Just off subject for a moment Nice to see you back o line JJireh hope your well


----------



## CV3 (Jan 30, 2014)

One possibility could be something like cobalt suggested. Getting some one who is a blacksmith or decretive welder put it in a metal claw with threaded rod on the bottom that can put into the shank or shaft. That is the only thing I can think of with out drilling the stone. In your area I would bet there are some blacksmith.


----------



## Rad (Feb 19, 2013)

Yes -- I was thinking of the blacksmith idea -- kind of like a diamond mounting?


----------



## gdenby (Apr 27, 2013)

+1 on putting it into a mounting. I have a friend who collects meteorites, and many are quite valuable. If it is a metallic meteorite, it is certainly work a jewel setting.


----------



## Rad (Feb 19, 2013)

gdenby said:


> +1 on putting it into a mounting. I have a friend who collects meteorites, and many are quite valuable. If it is a metallic meteorite, it is certainly work a jewel setting.


Yes Gdenby - it has metallic properties and will draw a magnet, but it has to be a good magnet!


----------



## JJireh (Feb 7, 2013)

Thanks Dennis, doing fine, wish I had something to show, but I have been swamped. Maybe THIS weekend 

Rad I have been thinking of several possibilities without having to drill or harm your space rock. I'll try to sketch something up.. they really lean more towards using it as a focal point rather than a topper. i.e. showing off the front of a stick or handle. correctly set and epoxied, it should hold fairly well and if you ever want to yank it out you could. I was just thinking if you have your hand on it regularly it could devalue it as well.


----------



## CAS14 (Dec 28, 2012)

Check out this "Indian War Club."


----------



## cobalt (Nov 14, 2013)

apart from the beads what is it made from ?


----------



## w1cked1 (Feb 10, 2014)

Rad said:


> Yes it is unusually dense and heavy for its size -- but I like heavy toppers! And this is one I won't give away. Here are the pics:
> 
> 
> 
> ...


Looking at those pictures, I can see that meteorite has a high nickel content. If it were mine I would attempt to polish it in an inconspicuous spot to see if it has a widmanstatten pattern in it. Something that size, with that pattern and fully polished would easily sell for 4k or more.


----------



## Rad (Feb 19, 2013)

w1cked1 said:


> Rad said:
> 
> 
> > Yes it is unusually dense and heavy for its size -- but I like heavy toppers! And this is one I won't give away. Here are the pics:
> ...


I know -- but I probably won't sell -- but thanks for the info!


----------



## CAS14 (Dec 28, 2012)

cobalt said:


> apart from the beads what is it made from ?
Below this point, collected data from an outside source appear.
Lemma in_first_row_inj p q : in_first_row p = in_first_row q -> p.1 = q.1.
Proof.
case: p q => [[[|[|?]] ?] ?] [[[|[|?]] ?] ?] //= _; exact: val_inj.
Qed.

Lemma top3_row_top A i j b p : injective A ->
  p \in top3 k A i j b -> row_top A p.
Proof.
case: p => r c AI p_top; have := p_top; rewrite /top3 mem_topk //.
case/andP=> /= /andP[/andP[ir rj] cb] _.
apply: (mem_topk_comp (f := pair r) _ AI _ (leqnn c) p_top) => [x y [] //|y yc].
by rewrite /= ir rj (leq_trans yc cb).
Qed.

Section SameRows.
Variables A A' : 'I_2 * 'I_n -> nat.
Hypotheses (AI : injective A) (A'I : injective A').
Hypothesis same_rows : forall r, top1 k (row A r) =1 top1 k (row A' r).

Lemma eq_row_top : row_top A =1 row_top A'.
Proof. by move=> [r c]; rewrite /row_top /= same_rows. Qed.

Lemma row_top_ge_by_agree p q : row_top A p -> row_top A q ->
  p.1 = q.1 -> ge_by A p q = ge_by A' p q.
Proof.
case: p q => [r c] [r' c'] /= c_top c'_top eq_rr'; subst r'.
exact (top1_ge_by_agree (row_inj (r := r) AI) (row_inj (r := r) A'I) (same_rows r) c_top c'_top).
Qed.

Lemma filter_candidates_eq (P : pred ('I_2 * 'I_n)) :
  {in P &, forall p q, p.1 = q.1} ->
  filter P (candidates A) = filter P (candidates A').
Proof.
move=> P_row; rewrite /candidates !(filter_sort (@ge_by_total _ _) (@ge_by_trans _ _)).
rewrite -(eq_filter eq_row_top); apply: eq_sort_ge_by => // p q.
rewrite !mem_filter => /and3P[Pp p_top _] /and3P[Pq q_top _].
exact: row_top_ge_by_agree (P_row _ _ Pp Pq).
Qed.

Hypothesis same_word : row_word A = row_word A'.

Lemma eq_candidates : candidates A = candidates A'.
Proof.
apply: (eq_by_label_filters same_word); apply: filter_candidates_eq.
  by move=> p q /= /eqP-> /eqP->.
by move=> p q /= p_snd q_snd; apply: in_first_row_inj; rewrite (negPf p_snd) (negPf q_snd).
Qed.

Lemma candidates_ge_by_agree :
  {in filter (row_top A) (enum {: 'I_2 * 'I_n}) &, forall p q, ge_by A p q = ge_by A' p q}.
Proof.
move=> p q p_in q_in.
have sorted_A : sorted (ge_by A) (candidates A) by apply/sort_sorted/ge_by_total.
have sorted_A' : sorted (ge_by A') (candidates A).
  by rewrite eq_candidates; apply/sort_sorted/ge_by_total.
have uniq_A : uniq (candidates A) by rewrite sort_uniq filter_uniq ?enum_uniq.
by apply: (sorted_ge_by_agree AI A'I sorted_A sorted_A' uniq_A); rewrite mem_sort.
Qed.

Lemma eq_top3 i j b : top3 k A i j b = top3 k A' i j b.
Proof.
rewrite /top3 (topk_predI (Y := row_top A)); last by move=> p /top3_row_top; apply.
rewrite [RHS](topk_predI (Y := row_top A)); last first.
  by move=> p /top3_row_top; rewrite -eq_row_top; apply.
apply: eq_topk_in => // p q; rewrite !mem_filter => /andP[/andP[_ p_top] _] /andP[/andP[_ q_top] _].
by apply: candidates_ge_by_agree; rewrite mem_filter mem_enum andbT.
Qed.

End SameRows.

End TwoRows.

(* [s] behind a unary marker, in a field of exactly [L.+1] bits when [size s <= L]. *)
Definition pad (L : nat) (s : seq bool) : seq bool := nseq (L - size s) false ++ true :: s.

Definition unpad (l : seq bool) : seq bool := behead (drop (find id l) l).

Lemma padK L : cancel (pad L) unpad.
Proof.
move=> s; rewrite /unpad /pad find_cat has_nseq andbF /= size_nseq addn0.
by rewrite drop_size_cat ?size_nseq.
Qed.

Lemma size_pad L s : size s <= L -> size (pad L s) = L.+1.
Proof. by move=> le_sL; rewrite size_cat size_nseq /= addnS subnK. Qed.

Lemma pad_cat_inj L s s' t t' : size s <= L -> size s' <= L ->
  pad L s ++ t = pad L s' ++ t' -> s = s' /\ t = t'.
Proof.
move=> le_sL le_s'L /eqP; rewrite eqseq_cat; last by rewrite !size_pad.
by case/andP=> /eqP/(can_inj (padK L)) -> /eqP ->.
Qed.

Lemma exists_decoder (X C Q Y : Type) (valid : X -> Prop) (enc : X -> C)
    (ans : X -> Q -> Y) (y0 : Y) :
  (forall x x', valid x -> valid x' -> enc x = enc x' -> forall q, ans x q = ans x' q) ->
  exists dec : C -> Q -> Y, forall x, valid x -> forall q, dec (enc x) q = ans x q.
Proof.
move=> enc_determines.
exists (fun c q => match excluded_middle_informative (exists x, valid x /\ enc x = c) with
  | left ex => ans (proj1_sig (constructive_indefinite_description _ ex)) q
  | right _ => y0 end).
move=> x x_valid q; case: excluded_middle_informative => [ex|[]]; last by exists x.
by case: constructive_indefinite_description => x' /= [x'_valid /(enc_determines _ _ x'_valid x_valid)].
Qed.

Section Encoding.
Variables (n k s : nat) (E1 : ('I_n -> nat) -> seq bool) (D1 : seq bool -> 'I_n -> seq 'I_n).
Hypothesis E1_correct : forall B : 'I_n -> nat, injective B ->
  size (E1 B) <= s /\ forall j, D1 (E1 B) j = top1 k B j.

Definition enc2 (A : 'I_2 * 'I_n -> nat) : seq bool :=
  pad s (E1 (row A ord0)) ++ pad s (E1 (row A ord_max)) ++ pad (2 * n) (row_word k A).

Lemma size_enc2 A : injective A -> size (enc2 A) = 2 * s + 2 * n + 3.
Proof.
move=> AI; have E1_size r := proj1 (E1_correct (row_inj (r := r) AI)).
rewrite size_cat (size_pad (E1_size _)) size_cat (size_pad (E1_size _)).
by rewrite (size_pad (size_row_word _ _)); lia.
Qed.

Lemma enc2_determines_top3 A A' : injective A -> injective A' -> enc2 A = enc2 A' ->
  forall i j b, top3 k A i j b = top3 k A' i j b.
Proof.
move=> AI A'I.
have E1_row B r : injective B -> size (E1 (row B r)) <= s /\
    forall j, D1 (E1 (row B r)) j = top1 k (row B r) j.
  by move=> BI; apply/E1_correct/row_inj.
rewrite /enc2 => /(pad_cat_inj (E1_row _ _ AI).1 (E1_row _ _ A'I).1) [E1_r0].
move/(pad_cat_inj (E1_row _ _ AI).1 (E1_row _ _ A'I).1) => [E1_r1].
move/(can_inj (padK _)) => same_word.
apply: eq_top3 => // r j; rewrite -(E1_row _ _ AI).2 -(E1_row _ _ A'I).2.
have [->|->] : r = ord0 \/ r = ord_max.
  by case: r => [[|[|?]] ?] //; [left|right]; apply: val_inj.
- by rewrite E1_r0.
- by rewrite E1_r1.
Qed.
I found this with an internet search, and it was just an image with no description. I believe that the binding material would traditionally be either sinew or leather, stretched and secured while wet.


----------



## JJireh (Feb 7, 2013)

so here are some preliminary thoughts.









so # 1 is creating a handle with the endgrain pointing forward and excavate a cavity to glue your piece into, epoxy should hold. then attach to cane.

This version has a 'meteorite tail' handle.

#2 find or create a spiral cane and excavate part of the spiral for insertion, can be on the top or any par underneath the hand rest. carve spiral for another meteorite tale

#3 braid the meteorite in gold or silver wire (done correctly this can look very nice) leaving remaining braid to wrap around a cane, attach with more wire or anchors.

#4 braid meteorite in gold or silver wire.etc.etc. leaving a small tail which can be epoxied into a cavity on top of a cane (epoxy holding the tail instead of the stone).

any mixture of these could work. Hope that helps


----------



## Rad (Feb 19, 2013)

JJireh:

Thanks for the ideas, and for all of the time you put into drawing and thought! Much appreciated!
I will give these some thought also -- you're drawings have also inspired my thinking a little -- fortunately I am in no hurry, and I am going to go slow on this one! I've had the meteorite for several years now, after it landed on our farm, and have wanted to mount it on a stick. Thank you for the input! Don't hesitate to send other ideas as they occure to you!


----------



## cobalt (Nov 14, 2013)

Good to see some ideas for it Rad always food for thought

I also think it would look good polished but dont know if it would effect the value , but its a a good idea not to rush into things A idea may hit you how to mount it


----------



## JJireh (Feb 7, 2013)

Don't thank me too much, I took about 5 min to sketch them  I just think it's a cool object with a great story and have been thinking about what I would do if I had it. But like you, I wouldn't rush into anything, it will come.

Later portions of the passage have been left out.